What the exercise asks:
Return only those lines of the records below in which "Associativity" appears.

The records:
Lemma hcomp3_vcomp3 (F H : V2FunD U V') (G K : V2FunD V' W)
  (al be om : V2NatD F H) (ga rh ta : V2NatD G K)
  (mu : V2ModD al be) (mu' : V2ModD be om) (nu : V2ModD ga rh) (nu' : V2ModD rh ta) :
  is_V2Fun K ->
  hcomp3 (vcomp3 nu' nu) (vcomp3 mu' mu) = vcomp3 (hcomp3 nu' mu') (hcomp3 nu mu).
Proof.
  intros HK. apply mod_ext; intro A.
  rewrite (arr_hcomp3 HW), (arr_vcomp3 (hcomp3 nu' mu') (hcomp3 nu mu)).
  transitivity (arr (hcmp (vcmp (fhom (F1 K _ _) _ _ ∘ mu' A) (fhom (F1 K _ _) _ _ ∘ mu A))
                          (vcmp (nu' (F0 F A)) (nu (F0 F A))))).
  { apply hcmp_congr; try reflexivity; [|apply arr_vcomp3].
    rewrite vcomp3E, cmp_assoc, arr_cmp_castr, (fhom_vcmp (V2Fun_F1_VFun HK _ _)).
    reflexivity. }
  rewrite (hcmp_interchange HW).
  apply vcmp_congr; try reflexivity; symmetry; apply (arr_hcomp3 HW).
Qed.

Lemma hcomp3_id (F H : V2FunD U V') (G K : V2FunD V' W) (al : V2NatD F H) (ga : V2NatD G K) :
  is_V2Fun G -> is_V2Fun K -> is_V2Nat al -> is_V2Nat ga ->
  JMeq (hcomp3 (id3 ga) (id3 al)) (id3 (hcomp2 ga al)).
Proof.
  intros HG HK Hal Hga.
  apply mod_JMeq; try (symmetry; apply (hcomp2_whisk_swap HW); assumption).
  intro A. rewrite (arr_hcomp3 HW). unfold id3.
  rewrite (fhom_vj (V2Fun_F1_VFun HK _ _)), (hcmp_vj HW). apply arr_vj.
  unfold pt; simpl. symmetry. exact (V2Nat_natural_ob Hga _).
Qed.

Lemma hcomp3_hstar3_source (F F' F'' : V2FunD U V') (G G' G'' : V2FunD V' W)
  (al : V2NatD F F') (al' : V2NatD F' F'') (ga : V2NatD G G') (ga' : V2NatD G' G'') :
  is_V2Fun G' -> is_V2Fun G'' ->
  is_V2Nat al -> is_V2Nat al' -> is_V2Nat ga -> is_V2Nat ga' ->
  bstar (whiskL2 G'' (bstar al' al)) (whiskR2 (bstar ga' ga) F)
  = bstar (bstar (whiskL2 G'' al') (whiskR2 ga' F')) (bstar (whiskL2 G' al) (whiskR2 ga F)).
Proof.
  intros HG' HG'' Ha Ha' Hg Hg'. V2Nat_ext_pt.
  rewrite (F1_cM HG''), !(cM_assoc HW). do 2 f_equal.
  rewrite <- !(cM_assoc HW). do 2 f_equal. symmetry. exact (V2Nat_natural_ob Hg' _).
Qed.

Lemma hcomp3_hstar3 (F F' F'' : V2FunD U V') (G G' G'' : V2FunD V' W)
  (al be : V2NatD F F') (al' be' : V2NatD F' F'')
  (ga rh : V2NatD G G') (ga' rh' : V2NatD G' G'')
  (mu : V2ModD al be) (mu' : V2ModD al' be') (nu : V2ModD ga rh) (nu' : V2ModD ga' rh') :
  is_V2Fun G' -> is_V2Fun G'' ->
  is_V2Nat al -> is_V2Nat be -> is_V2Nat al' -> is_V2Nat be' ->
  is_V2Nat ga -> is_V2Nat rh -> is_V2Nat ga' -> is_V2Nat rh' -> is_V2Mod nu' ->
  JMeq (hcomp3 (hstar3 nu' nu) (hstar3 mu' mu)) (hstar3 (hcomp3 nu' mu') (hcomp3 nu mu)).
Proof.
  intros HG' HG'' Hal Hbe Hal' Hbe' Hga Hrh Hga' Hrh' Hnu'.
  apply mod_JMeq; try (apply hcomp3_hstar3_source; assumption).
  intro A. rewrite (arr_hcomp3 HW), (arr_hstar3 HW).
  assert (E1 := V2Nat_natural_ob Hga' (pt (al A))).
  assert (E2 := V2Nat_natural_ob Hrh' (pt (be A))).
  unfold pt in E1, E2; simpl in E1, E2.
  transitivity (arr (hcmp (hcmp (fhom (F1 G'' _ _) _ _ ∘ mu' A) (fhom (F1 G'' _ _) _ _ ∘ mu A))
                          (hcmp (nu' (F0 F A)) (nu (F0 F A))))).
  { apply hcmp_congr; try reflexivity; try apply (F1_cM HG'').
    - transitivity (arr (fhom (F1 G'' _ _) _ _ ∘ hcmp (mu' A) (mu A))).
      + apply arr_cmp; [apply (arr_hstar3 HV')|reflexivity].
      + apply (F1_hcmp HG'').
    - apply (arr_hstar3 HW). }
  transitivity (arr (hcmp (hcmp (fhom (F1 G'' _ _) _ _ ∘ mu' A) (nu' (F0 F' A)))
                          (hcmp (fhom (F1 G' _ _) _ _ ∘ mu A) (nu (F0 F A))))).
  2:{ apply hcmp_congr; try reflexivity; symmetry; apply (arr_hcomp3 HW). }
  (* reassociate, then move [nu'] past the image of [mu] by naturality of [nu'] *)
  rewrite (hcmp_assoc_I1 HW).
  transitivity (arr (hcmp (fhom (F1 G'' _ _) _ _ ∘ mu' A)
                 (hcmp (hcmp (fhom (F1 G'' _ _) _ _ ∘ mu A) (nu' (F0 F A))) (nu (F0 F A))))).
  { apply hcmp_congr; try reflexivity; try (symmetry; apply (cM_assoc HW)).
    symmetry; apply (hcmp_assoc_I1 HW). }
  transitivity (arr (hcmp (fhom (F1 G'' _ _) _ _ ∘ mu' A)
                 (hcmp (hcmp (nu' (F0 F' A)) (fhom (F1 G' _ _) _ _ ∘ mu A)) (nu (F0 F A))))).
  { apply hcmp_congr; try reflexivity.
    - do 2 f_equal. symmetry; exact E1.
    - do 2 f_equal. symmetry; exact E2.
    - apply hcmp_congr; try reflexivity; try (symmetry; exact E1); try (symmetry; exact E2).
      symmetry. apply (mod_natural_cmp (V2Mod_natural Hga' Hrh' Hnu')). }
  transitivity (arr (hcmp (fhom (F1 G'' _ _) _ _ ∘ mu' A)
                 (hcmp (nu' (F0 F' A)) (hcmp (fhom (F1 G' _ _) _ _ ∘ mu A) (nu (F0 F A)))))).
  { apply hcmp_congr; try reflexivity; try apply (cM_assoc HW). apply (hcmp_assoc_I1 HW). }
  symmetry. apply (hcmp_assoc_I1 HW).
Qed.
End ZeroCell.

Section Associativity.
Variables U1 U2 U3 U4 : V2CatD V.
Hypothesis H3 : is_V2Cat U3.
Hypothesis H4 : is_V2Cat U4.

Lemma hcomp3_assoc_source (F F' : V2FunD U1 U2) (G G' : V2FunD U2 U3) (H H' : V2FunD U3 U4)
  (al : V2NatD F F') (ga : V2NatD G G') (de : V2NatD H H') :
  is_V2Fun G' -> is_V2Fun H' -> is_V2Nat al -> is_V2Nat ga -> is_V2Nat de ->
  bstar (whiskL2 (comp1 H' G') al) (whiskR2 (bstar (whiskL2 H' ga) (whiskR2 de G)) F)
  = bstar (whiskL2 H' (bstar (whiskL2 G' al) (whiskR2 ga F))) (whiskR2 de (comp1 G F)).
Proof.
  intros HG' HH' Ha Hg Hd. V2Nat_ext_pt. rewrite (F1_cM HH'), (cM_assoc H4). reflexivity.
Qed.

Lemma hcomp3_assoc (F F' : V2FunD U1 U2) (G G' : V2FunD U2 U3) (H H' : V2FunD U3 U4)
  (al be : V2NatD F F') (ga rh : V2NatD G G') (de ep : V2NatD H H')
  (mu : V2ModD al be) (nu : V2ModD ga rh) (xi : V2ModD de ep) :
  is_V2Fun G' -> is_V2Fun H' -> is_V2Nat al -> is_V2Nat be -> is_V2Nat ga -> is_V2Nat rh ->
  is_V2Nat de -> is_V2Nat ep ->
  JMeq (hcomp3 (hcomp3 xi nu) mu) (hcomp3 xi (hcomp3 nu mu)).
Proof.
  intros HG' HH' Ha Hb Hg Hr Hd He.
  apply mod_JMeq; try (apply hcomp3_assoc_source; assumption).
  intro A. etransitivity; [apply (arr_hcomp3 H4 (hcomp3 xi nu) mu A)|].
  etransitivity; [|symmetry; apply (arr_hcomp3 H4 xi (hcomp3 nu mu) A)].
  transitivity (arr (hcmp (fhom (F1 H' _ _) _ _ ∘ (fhom (F1 G' _ _) _ _ ∘ mu A))
                          (hcmp (fhom (F1 H' _ _) _ _ ∘ nu (F0 F A)) (xi (F0 G (F0 F A)))))).
  { apply hcmp_congr; try reflexivity; [simpl; rewrite cmp_assoc; reflexivity|].
    apply (arr_hcomp3 H4). }
  rewrite <- (hcmp_assoc_I1 H4).
  apply hcmp_congr; try reflexivity; try (symmetry; apply (F1_cM HH')).
  rewrite <- (F1_hcmp HH').
  apply arr_cmp; [symmetry; apply (arr_hcomp3 H3)|reflexivity].
Qed.
End Associativity.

Response to this task:
Section Associativity.
End Associativity.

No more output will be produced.